AsianScientist (Aug. 15, 2012) – An Australian study published recently in the journal Molecular Psychiatry has shown increased inflammation in the brains of people with schizophrenia, tightening the link between immune function and schizophrenia.
Schizophrenia is a complex, debilitating disease that makes it difficult for health experts to pinpoint the exact cause of it. The current consensus on the disease is that schizophrenia results from a combination of factors such as genetics, prenatal development, and life events.
In particular, viral infections in utero or in childhood have been found to be associated with an increased risk of developing the disease. Therefore, several research groups have subscribed to the pathogenic theory of schizophrenia by studying the link between early infections and the incidence of schizophrenia.
Challenging this theory, a team of scientists led by Professor Shannon Weickert at the Neuroscience Research Australia looked for changes in gene expression, particularly in genes that are involved in immune function, in the brains of people with schizophrenia and healthy people without the disease.
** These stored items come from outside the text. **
Lemma pow_lt_reg x y m : 0 <= x -> 0 <= y -> x ^ m < y ^ m -> x < y.
Proof.
  intros Hx Hy H. destruct (Rlt_or_le x y) as [|Hyx]; [assumption|].
  pose proof (pow_incr y x m (conj Hy Hyx)). lra.
Qed.

Lemma pow_le_one t m : 0 <= t <= 1 -> t ^ m <= 1.
Proof. intros Ht. rewrite <- (pow1 m). apply pow_incr, Ht. Qed.

Lemma pow_le_pow_of_le_one s p q : 0 <= s <= 1 -> (p <= q)%nat -> s ^ q <= s ^ p.
Proof.
  intros Hs Hpq. replace q with (p + (q - p))%nat by lia. rewrite pow_add.
  pose proof (pow_le_one s (q - p) Hs). pose proof (pow_le s p (proj1 Hs)). nra.
Qed.

Lemma pow_le_one_plus_pow s j m : 0 <= s -> (j <= m)%nat -> s ^ j <= 1 + s ^ m.
Proof.
  intros Hs Hjm. pose proof (pow_le s m Hs). destruct (Rle_or_lt s 1) as [Hs1|Hs1].
  - pose proof (pow_le_one s j (conj Hs Hs1)). lra.
  - assert (1 <= s) as Hs1' by lra. pose proof (Rle_pow s j m Hs1' Hjm). lra.
Qed.

Lemma pow_even_opp t m : (- t) ^ (2 * m) = t ^ (2 * m).
Proof. rewrite !pow_mult. f_equal. ring. Qed.

Lemma INR_S_le_pow2 i : INR (S i) <= 2 ^ i.
Proof.
  induction i as [|i IH]; [simpl; lra|].
  rewrite S_INR. simpl pow. pose proof (pow_R1_Rle 2 i ltac:(lra)). lra.
Qed.

Lemma sq_le_of_Rabs_le x b : Rabs x <= b -> x * x <= b * b.
Proof.
  intros Hx. pose proof (Rabs_pos x).
  replace (x * x) with (Rabs x * Rabs x) by (rewrite <- Rabs_mult; apply Rabs_right; nra).
  apply Rmult_le_compat; lra.
Qed.

Lemma Rabs_le_of_sq_le x D y : 1 <= D -> 0 <= y -> x * x <= D * (y * y) -> Rabs x <= D * y.
Proof.
  intros HD Hy Hx.
  rewrite <- (Rabs_right (D * y)) by nra. apply Rsqr_le_abs_0. unfold Rsqr. nra.
Qed.

Lemma exp_le_one y : y <= 0 -> exp y <= 1.
Proof.
  intros Hy. rewrite <- exp_0. destruct (Req_dec y 0) as [->|]; [lra|].
  apply Rlt_le, exp_increasing; lra.
Qed.

(* [(x / 2) ^ m / m!] is one term of the series of [exp (x / 2)]. *)
Lemma exp_neg_half_mul_pow_le x m :
  0 <= x -> exp (- x / 2) * x ^ m <= 2 ^ m * INR (Factorial.fact m).
Proof.
  intros Hx.
  pose proof (INR_fact_lt_0 m) as Hfact.
  assert (Hterm : (x / 2) ^ m / INR (Factorial.fact m) <= exp (x / 2)).
  { eapply Rle_trans; [| exact (exp_ge_taylor (x / 2) m ltac:(lra))].
    destruct m as [|m]; simpl; [lra|].
    enough (0 <= sum_f_R0 (fun i => (x / 2) ^ i / INR (Factorial.fact i)) m) by lra.
    apply cond_pos_sum. intros i. apply Rle_div_r; [apply INR_fact_lt_0|].
    rewrite Rmult_0_l. apply pow_le; lra. }
  assert (Hinv : exp (- x / 2) * exp (x / 2) = 1).
  { rewrite <- exp_plus. replace (- x / 2 + x / 2) with 0 by field. apply exp_0. }
  replace (x ^ m) with (2 ^ m * (x / 2) ^ m) by (rewrite <- Rpow_mult_distr; f_equal; field).
  apply Rmult_le_reg_r with (exp (x / 2) / INR (Factorial.fact m)).
  { apply Rdiv_lt_0_compat; [apply exp_pos | exact Hfact]. }
  replace (exp (- x / 2) * (2 ^ m * (x / 2) ^ m) * (exp (x / 2) / INR (Factorial.fact m)))
    with (2 ^ m * ((x / 2) ^ m / INR (Factorial.fact m)) * (exp (- x / 2) * exp (x / 2)))
    by (field; lra).
  replace (2 ^ m * INR (Factorial.fact m) * (exp (x / 2) / INR (Factorial.fact m)))
    with (2 ^ m * exp (x / 2)) by (field; lra).
  rewrite Hinv, Rmult_1_r. apply Rmult_le_compat_l; [apply pow_le; lra | exact Hterm].
Qed.

Definition poly (c : nat -> R) (N : nat) (x : R) : R := sum_f_R0 (fun i => c i * x ^ i) N.
Definition coef_deriv (c : nat -> R) (i : nat) : R := INR (S i) * c (S i).
Definition coef_shift (c : nat -> R) (i : nat) : R := match i with O => 0 | S j => c j end.

Lemma poly_is_derive c N x : is_derive (poly c (S N)) x (poly (coef_deriv c) N x).
Proof.
  induction N as [|N IH].
  - eapply is_derive_ext_eq;
      [| | exact (is_derive_Rplus _ _ x _ _ (is_derive_const (c O) x)
                  (is_derive_Rscal _ (c 1%nat) x _ (is_derive_Rpow_id 1 x)))].
    + intros t. unfold poly. simpl. ring.
    + change zero with 0. unfold poly, coef_deriv. simpl. ring.
  - eapply is_derive_ext_eq;
      [| | exact (is_derive_Rplus _ _ x _ _ IH
                  (is_derive_Rscal _ (c (S (S N))) x _ (is_derive_Rpow_id (S (S N)) x)))].
    + intros t. reflexivity.
    + unfold poly, coef_deriv. simpl. ring.
Qed.

Lemma poly_plus c d N x : poly (fun i => c i + d i) N x = poly c N x + poly d N x.
Proof. unfold poly. rewrite <- plus_sum. apply sum_eq. intros; ring. Qed.

Lemma poly_scal a c N x : poly (fun i => a * c i) N x = a * poly c N x.
Proof. unfold poly. induction N as [|N IH]; simpl; [|rewrite IH]; ring. Qed.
To their surprise, they observed increased levels of pro-inflammatory cytokines in 40 percent of patients. These cytokines are involved in driving immune responses and triggering microglia, the main form of active immune defense in the brain.
Interestingly, increased brain inflammation resulting from cytokines was found in the dorsolateral prefrontal cortex, a key brain region affected by schizophrenia.
“To find this immune pattern in nearly half of people with schizophrenia raises the possibility that this is in fact a new root cause of the disease,” said Weickert.
In addition, the group believes that their findings on the role of an overactive immune system in schizophrenia will pave the way for future therapies aimed at immune suppression.
“As there are multiple biological root causes of schizophrenia, the fact inflammation occurs in 40 percent of individuals is huge, and opens up a whole new range of treatment possibilities,” Weickert said.